In "The deplorable Duke political prosecutions," posted on May 23, 2006, I wrote: "Mr. Taylor has made a great contribution in helping the truth catch up to the lies. That's the first step toward rectifying a sad situation being exploited by opportunists and racists."

Dukies and Durhamites take note: More rectifying is still required, Mr. Taylor was right back then and he's right again.

Michael J. Gaynor


Biography - Michael J. Gaynor

Michael J. Gaynor has been practicing law in New York since 1973. A former partner at Fulton, Duncombe & Rowe and Gaynor & Bass, he is a solo practitioner admitted to practice in New York state and federal courts and an Association of the Bar of the City of New York member.

Gaynor graduated magna cum laude, with Honors in Social Science, from Hofstra University's New College, and received his J.D. degree from St. John's Law School, where he won the American Jurisprudence Award in Evidence and served as an editor of the Law Review and the St. Thomas More Institute for Legal Research. He wrote on the Pentagon Papers case for the Review and obscenity law for The Catholic Lawyer and edited the Law Review's commentary on significant developments in New York law.

The day after graduating, Gaynor joined the Fulton firm, where he focused on litigation and corporate law. In 1997 Gaynor and Emily Bass formed Gaynor & Bass and then conducted a general legal practice, emphasizing litigation, and represented corporations, individuals and a New York City labor union. Notably, Gaynor & Bass prevailed in the Second Circuit in a seminal copyright infringement case, Tasini v. New York Times, against newspaper and magazine publishers and Lexis-Nexis. The U.S. Supreme Court affirmed, 7 to 2, holding that the copyrights of freelance writers had been infringed when their work was put online without permission or compensation.

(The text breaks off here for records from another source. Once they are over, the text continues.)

Lemma valid_restr F G x : validb G x -> F \subset G -> validb F (restr F x).
Proof.
move=> vx FG; apply/validP => k; rewrite restrE.
by case: (boolP (k \in F)) => // kF; apply: valid_in vx (subsetP FG k kF).
Qed.

Lemma restr_eqP F x y :
  reflect (forall k, k \in F -> x k = y k) (restr F x == restr F y).
Proof.
apply: (iffP eqP) => [eq_xy k kF | eq_xy].
  by have := congr1 (fun z : vec d => z k) eq_xy; rewrite !restrE kF.
by apply/ffunP => k; rewrite !restrE; case: ifP => // /eq_xy.
Qed.

Lemma restrU F G x y :
  (restr (F :|: G) x == restr (F :|: G) y) =
  (restr F x == restr F y) && (restr G x == restr G y).
Proof.
apply/restr_eqP/andP => [eq_xy | [/restr_eqP eqF /restr_eqP eqG] k].
  by split; apply/restr_eqP => k kF; apply: eq_xy; rewrite inE kF ?orbT.
by rewrite inE => /orP[/eqF | /eqG].
Qed.

Definition merge_vec F x y : vec d := [ffun k => if k \in F then x k else y k].

Lemma valid_merge F G x y :
  validb F x -> validb G y -> validb (F :|: G) (merge_vec F x y).
Proof.
move=> vx vy; apply/validP => k; rewrite ffunE inE.
case: (boolP (k \in F)) => kF /=; first exact: valid_in vx kF.
by case: (boolP (k \in G)) => kG; [apply: valid_in vy kG | rewrite (valid_out vy kG)].
Qed.

Lemma restr_merge_l F x y : restr F (merge_vec F x y) = restr F x.
Proof. by apply/ffunP => k; rewrite !restrE ffunE; case: (boolP (k \in F)). Qed.

Lemma restr_merge_r F G x y : (forall k, k \in F -> k \in G -> x k = y k) ->
  restr G (merge_vec F x y) = restr G y.
Proof.
move=> xy; apply/ffunP => k; rewrite !restrE ffunE.
by case: (boolP (k \in G)) => // kG; case: (boolP (k \in F)) => // kF; apply: xy.
Qed.

Lemma merge_restr F G x : validb (F :|: G) x -> merge_vec F (restr F x) (restr G x) = x.
Proof.
move=> vx; apply/ffunP => k; rewrite ffunE !restrE.
case: (boolP (k \in F)) => // kF; case: (boolP (k \in G)) => // kG.
by rewrite (valid_out vx) // inE (negbTE kF).
Qed.

Lemma eq_avar (K : fieldType) D F x y :
  restr F x = restr F y -> avar K D F x = avar K D F y.
Proof. by rewrite /avar => ->. Qed.

Lemma avar_restr (K : fieldType) D F x : avar K D F (restr F x) = avar K D F x.
Proof. by apply: eq_avar; rewrite restr_restr. Qed.

Lemma avar_var (K : fieldType) D F x : F \in facets D -> validb F (restr F x) ->
  exists2 t : Aidx d D, val t = (F, restr F x) & avar K D F x = var K t.
Proof.
move=> FD vx; rewrite /avar; case: insubP => [t _ vt | ]; first by exists t.
by rewrite /= FD vx.
Qed.

Lemma avar_val (K : fieldType) D (t : Aidx d D) : avar K D (val t).1 (val t).2 = var K t.
Proof.
have /andP[_ vx] := valP t.
by rewrite /avar restr_id // -surjective_pairing valK.
Qed.

End IndexVectors.

Section SimplicialComplexes.
Variable n : nat.
Implicit Types (D : {set {set 'I_n}}) (F G : {set 'I_n}).

Lemma facetsP D F :
  reflect (F \in D /\ forall G, G \in D -> F \subset G -> G = F) (F \in facets D).
Proof.
rewrite inE; apply: (iffP andP) => [[FD /forallP maxF] | [FD maxF]]; split => //.
  by move=> G GD FG; move: (maxF G); rewrite GD FG => /eqP.
by apply/forallP => G; apply/implyP => GD; apply/implyP => FG; rewrite (maxF G).
Qed.

Lemma facet_face D F : F \in facets D -> F \in D.
Proof. by case/facetsP. Qed.

Lemma face_sub_supp D F : F \in D -> F \subset supp D.
Proof. exact: bigcup_sup. Qed.

Lemma face_sub_facet D F : F \in D -> exists2 G, G \in facets D & F \subset G.
Proof.
move=> FD; have [|G /andP[GD FG] maxG] :=
  @arg_maxnP _ F (fun G => (G \in D) && (F \subset G)) (fun G => #|G|).
  by rewrite FD subxx.
exists G => //; apply/facetsP; split=> // G' G'D GG'.
apply/eqP; rewrite eq_sym eqEcard GG' /=; apply: maxG.
by rewrite G'D (subset_trans FG GG').
Qed.

Lemma supp_vertex D k : simplicial_complex D -> k \in supp D -> [set k] \in D.
Proof. by move=> sD /bigcupP[F FD kF]; apply: sD FD _; rewrite sub1set. Qed.

End SimplicialComplexes.

Definition extra_separator_facet n (D D1 : {set {set 'I_n}}) (S : {set 'I_n}) :=
  (S \in facets D1) && (S \notin facets D).

Section Decomposition.
Variables (n : nat) (D D1 D2 : {set {set 'I_n}}) (S : {set 'I_n}).
Hypotheses (sD1 : simplicial_complex D1) (sD2 : simplicial_complex D2).
Hypotheses (DU : D1 :|: D2 = D) (DI : D1 :&: D2 = powerset S).

Lemma face_left F : F \in D1 -> F \in D.
Proof. by rewrite -DU inE => ->. Qed.

Lemma face_right F : F \in D -> F \notin D1 -> F \in D2.
Proof. by rewrite -DU inE => /orP[-> | ->]. Qed.

Lemma face_both F : F \in D1 -> F \in D2 -> F \subset S.
Proof. by move=> F1 F2; rewrite -powersetE -DI inE F1. Qed.

Lemma separator_face : S \in D1.
Proof.
have : S \in D1 :&: D2 by rewrite DI powersetE.
by rewrite inE => /andP[].
Qed.

Lemma supp_meet k : k \in supp D1 -> k \in supp D2 -> k \in S.
Proof.
move=> /(supp_vertex sD1) k1 /(supp_vertex sD2) k2.
by rewrite -sub1set; apply: face_both.
Qed.

Lemma supp_union : supp D1 :|: supp D2 = supp D.
Proof. by rewrite -DU /supp bigcup_setU. Qed.

Lemma facet_left F : F \in facets D -> F \in D1 -> F \in facets D1.
Proof.
move=> /facetsP[FD maxF] F1; apply/facetsP; split=> // G G1.
exact: maxF (face_left G1).
Qed.

Lemma facet_left_extra F : F \in facets D1 -> F \notin facets D -> F = S.
Proof.
move=> /facetsP[F1 maxF]; rewrite inE (face_left F1) negb_forall => /existsP[G].
rewrite !negb_imply => /and3P[GD FG /eqP GF].
have G2 : G \in D2.
  by move: GD; rewrite -DU inE => /orP[G1 | //]; case: GF; apply: maxF.
exact: esym (maxF S separator_face (face_both F1 (sD2 G2 FG))).
Qed.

Gaynor currently contributes regularly to www.MichNews.com, www.RenewAmerica.com, www.WebCommentary.com, www.PostChronicle.com and www.therealitycheck.org and has contributed to many other websites. He has written extensively on political and religious issues, notably the Terry Schiavo case, the Duke "no rape" case, ACORN and canon law, and appeared as a guest on television and radio. He was acknowledged in Until Proven Innocent, by Stuart Taylor and KC Johnson, and Culture of Corruption, by Michelle Malkin. He appeared on "Your World With Cavuto" to promote an eBay boycott that he initiated and "The World Over With Raymond Arroyo" (EWTN) to discuss the legal implications of the Schiavo case. On October 22, 2008, Gaynor was the first to report that The New York Times had killed an Obama/ACORN expose on which a Times reporter had been working with ACORN whistleblower Anita MonCrief.